**Your objective**
Where the material below has a line containing "refine (@Build_Functor KP A (fun o : kpOb => snd", start repeating exactly, and keep going through the line containing "i a boolean", with no other lines.

=== Data ===

Definition lens_eq {A B : Category} (F G : Lens A B) : Prop :=
  functor_eq (get F) (get G) /\
  (forall a b, dom b = fob (get F) a -> put F a b = put G a b).

Definition lens_epi {A B : Category} (E : Lens A B) : Prop :=
  forall (C : Category) (G H : Lens B C),
    lens_eq (lcomp E G) (lcomp E H) -> lens_eq G H.

Definition is_coequalizer {P A B : Category} (p q : Functor P A) (F : Functor A B) : Prop :=
  functor_eq (fcomp p F) (fcomp q F) /\
  forall (D : Category) (K : Functor A D),
    functor_eq (fcomp p K) (fcomp q K) ->
    exists K' : Functor B D,
      functor_eq (fcomp F K') K /\
      forall K'' : Functor B D, functor_eq (fcomp F K'') K -> functor_eq K'' K'.

(* The kernel pair of F : A -> B in Cat: the (standard) pullback of F along F,
   with objects / morphisms the pairs identified by F. *)
Section KernelPair.
Variables (A B : Category) (F : Functor A B).

Definition kpOb := { p : Ob A * Ob A | fob F (fst p) = fob F (snd p) }.
Definition kpMor := { m : Mor A * Mor A | fmor F (fst m) = fmor F (snd m) }.

Definition kp_dom (m : kpMor) : kpOb.
Proof.
  refine (exist _ (dom (fst (proj1_sig m)), dom (snd (proj1_sig m))) _).
  simpl. rewrite <- !f_dom. f_equal. exact (proj2_sig m).
Defined.

Definition kp_cod (m : kpMor) : kpOb.
Proof.
  refine (exist _ (cod (fst (proj1_sig m)), cod (snd (proj1_sig m))) _).
  simpl. rewrite <- !f_cod. f_equal. exact (proj2_sig m).
Defined.

Definition kp_id (o : kpOb) : kpMor.
Proof.
  refine (exist _ (idm (fst (proj1_sig o)), idm (snd (proj1_sig o))) _).
  simpl. rewrite !f_id. f_equal. exact (proj2_sig o).
Defined.

Lemma kp_dc1 (g f : kpMor) : kp_dom g = kp_cod f ->
  dom (fst (proj1_sig g)) = cod (fst (proj1_sig f)).
Proof. intro H. exact (f_equal (fun o => fst (proj1_sig o)) H). Qed.

Lemma kp_dc2 (g f : kpMor) : kp_dom g = kp_cod f ->
  dom (snd (proj1_sig g)) = cod (snd (proj1_sig f)).
Proof. intro H. exact (f_equal (fun o => snd (proj1_sig o)) H). Qed.

Definition kp_comp_c (g f : kpMor) (H : kp_dom g = kp_cod f) : kpMor.
Proof.
  refine (exist _ (comp (fst (proj1_sig g)) (fst (proj1_sig f)),
                   comp (snd (proj1_sig g)) (snd (proj1_sig f))) _).
  simpl. rewrite (f_comp _ _ F _ _ (kp_dc1 _ _ H)), (f_comp _ _ F _ _ (kp_dc2 _ _ H)).
  f_equal; [exact (proj2_sig g) | exact (proj2_sig f)].
Defined.

(* composition; on non-composable pairs it returns an arbitrary value *)
Definition kp_comp (g f : kpMor) : kpMor :=
  match excluded_middle_informative (kp_dom g = kp_cod f) with
  | left H => kp_comp_c _ _ H
  | right _ => g
  end.

Lemma kp_comp_E (g f : kpMor) (H : kp_dom g = kp_cod f) :
  proj1_sig (kp_comp g f) =
  (comp (fst (proj1_sig g)) (fst (proj1_sig f)),
   comp (snd (proj1_sig g)) (snd (proj1_sig f))).
Proof.
  unfold kp_comp. destruct excluded_middle_informative as [H'|H']; [reflexivity|].
  contradiction.
Qed.

Lemma kpOb_eq (o o' : kpOb) : proj1_sig o = proj1_sig o' -> o = o'.
Proof. destruct o, o'; simpl; intro; now apply subset_eq_compat. Qed.

Lemma kpMor_eq (m m' : kpMor) : proj1_sig m = proj1_sig m' -> m = m'.
Proof. destruct m, m'; simpl; intro; now apply subset_eq_compat. Qed.

Lemma kp_comp_ok (g f : kpMor) : kp_dom g = kp_cod f ->
  dom (fst (proj1_sig g)) = cod (fst (proj1_sig f)) /\
  dom (snd (proj1_sig g)) = cod (snd (proj1_sig f)).
Proof. intro H; split; [exact (kp_dc1 _ _ H) | exact (kp_dc2 _ _ H)]. Qed.

Definition KP : Category.
Proof.
  refine {| Ob := kpOb; Mor := kpMor; dom := kp_dom; cod := kp_cod;
            idm := kp_id; comp := kp_comp |}.
  - intro a. apply kpOb_eq. destruct a as [[a1 a2] ?]. simpl. now rewrite !dom_id.
  - intro a. apply kpOb_eq. destruct a as [[a1 a2] ?]. simpl. now rewrite !cod_id.
  - intros g f H. apply kpOb_eq. simpl. rewrite (kp_comp_E _ _ H).
    destruct (kp_comp_ok _ _ H). simpl. now rewrite !dom_comp.
  - intros g f H. apply kpOb_eq. simpl. rewrite (kp_comp_E _ _ H).
    destruct (kp_comp_ok _ _ H). simpl. now rewrite !cod_comp.
  - intro f. apply kpMor_eq. assert (H : kp_dom (kp_id (kp_cod f)) = kp_cod f).
    { apply kpOb_eq. simpl. now rewrite !dom_id. }
    rewrite (kp_comp_E _ _ H). destruct f as [[f1 f2] ?]. simpl. now rewrite !comp_id_l.
  - intro f. apply kpMor_eq. assert (H : kp_dom f = kp_cod (kp_id (kp_dom f))).
    { apply kpOb_eq. simpl. now rewrite !cod_id. }
    rewrite (kp_comp_E _ _ H). destruct f as [[f1 f2] ?]. simpl. now rewrite !comp_id_r.
  - intros h g f H1 H2. apply kpMor_eq.
    destruct (kp_comp_ok _ _ H1) as [a1 a2]. destruct (kp_comp_ok _ _ H2) as [b1 b2].
    assert (H3 : kp_dom h = kp_cod (kp_comp g f)).
    { apply kpOb_eq. simpl. rewrite (kp_comp_E _ _ H2). simpl. rewrite !cod_comp by assumption; congruence. }
    assert (H4 : kp_dom (kp_comp h g) = kp_cod f).
    { apply kpOb_eq. simpl. rewrite (kp_comp_E _ _ H1). simpl. rewrite !dom_comp by assumption; congruence. }
    rewrite (kp_comp_E _ _ H3), (kp_comp_E _ _ H4), (kp_comp_E _ _ H1), (kp_comp_E _ _ H2). simpl.
    now rewrite !comp_assoc.
Defined.

Definition kp_proj1 : Functor KP A.
Proof.
  refine (@Build_Functor KP A (fun o : kpOb => fst (proj1_sig o))
                                (fun m : kpMor => fst (proj1_sig m)) _ _ _ _).
  - reflexivity.
  - reflexivity.
  - reflexivity.
  - intros g f H. simpl. now rewrite (kp_comp_E _ _ H).
Defined.

Definition kp_proj2 : Functor KP A.
Proof.
  refine (@Build_Functor KP A (fun o : kpOb => snd (proj1_sig o))
                                (fun m : kpMor => snd (proj1_sig m)) _ _ _ _).
  - reflexivity.
  - reflexivity.
  - reflexivity.
  - intros g f H. simpl. now rewrite (kp_comp_E _ _ H).
Defined.

End KernelPair.

Definition effective_epi {A B : Category} (F : Functor A B) : Prop :=
  is_coequalizer (kp_proj1 _ _ F) (kp_proj2 _ _ F) F.

From Stdlib Require Import ClassicalEpsilon.

(* A lens epimorphism E : A -> B is surjective on objects. The image of a lens
   is closed under morphisms leaving it, since those lift along [put]. Let χ
   be its characteristic function and build the category of pairs (b, i),
   i a boolean flag, in which a morphism of B entering the image raises the
   flag. Both χ and the constant flag [true] are functorial sections of it,
   and the forgetful puts make them lenses from B; these agree after E
   because χ is [true] on the image, so χ is constantly [true].

   A functor F that is surjective on objects and lifts every morphism out of
   F a to a morphism out of a is a coequaliser of its kernel pair: a functor
   K identifying the fibres of F descends along chosen preimages of objects
   and chosen lifts of morphisms, and the descent is functorial because two
   lifts of the same morphism have the same image under K. *)

Section FlagCategory.
Variables (B : Category) (chi : Ob B -> bool).
Hypothesis chi_closed : forall f : Mor B, chi (dom f) = true -> chi (cod f) = true.

Definition flag_tgt (f : Mor B) (i : bool) : bool :=
  i || (chi (cod f) && negb (chi (dom f))).

Lemma flag_tgt_id (a : Ob B) (i : bool) : flag_tgt (idm a) i = i.
Proof. unfold flag_tgt. rewrite dom_id, cod_id. now destruct i, (chi a). Qed.

Lemma flag_tgt_comp (g f : Mor B) (i : bool) : dom g = cod f ->
  flag_tgt (comp g f) i = flag_tgt g (flag_tgt f i).
Proof.
  intro Hgf. unfold flag_tgt. rewrite (cod_comp _ _ _ Hgf), (dom_comp _ _ _ Hgf), Hgf.
  pose proof (chi_closed f) as Hf. pose proof (chi_closed g) as Hg. rewrite Hgf in Hg.
  destruct i, (chi (dom f)), (chi (cod f)), (chi (cod g)); simpl; auto;
    first [discriminate (Hf eq_refl) | discriminate (Hg eq_refl)].
Qed.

===

**Output for this exercise**
  refine (@Build_Functor KP A (fun o : kpOb => snd (proj1_sig o))
                                (fun m : kpMor => snd (proj1_sig m)) _ _ _ _).
  - reflexivity.
  - reflexivity.
  - reflexivity.
  - intros g f H. simpl. now rewrite (kp_comp_E _ _ H).
Defined.

End KernelPair.

Definition effective_epi {A B : Category} (F : Functor A B) : Prop :=
  is_coequalizer (kp_proj1 _ _ F) (kp_proj2 _ _ F) F.

From Stdlib Require Import ClassicalEpsilon.

(* A lens epimorphism E : A -> B is surjective on objects. The image of a lens
   is closed under morphisms leaving it, since those lift along [put]. Let χ
   be its characteristic function and build the category of pairs (b, i),
   i a boolean flag, in which a morphism of B entering the image raises the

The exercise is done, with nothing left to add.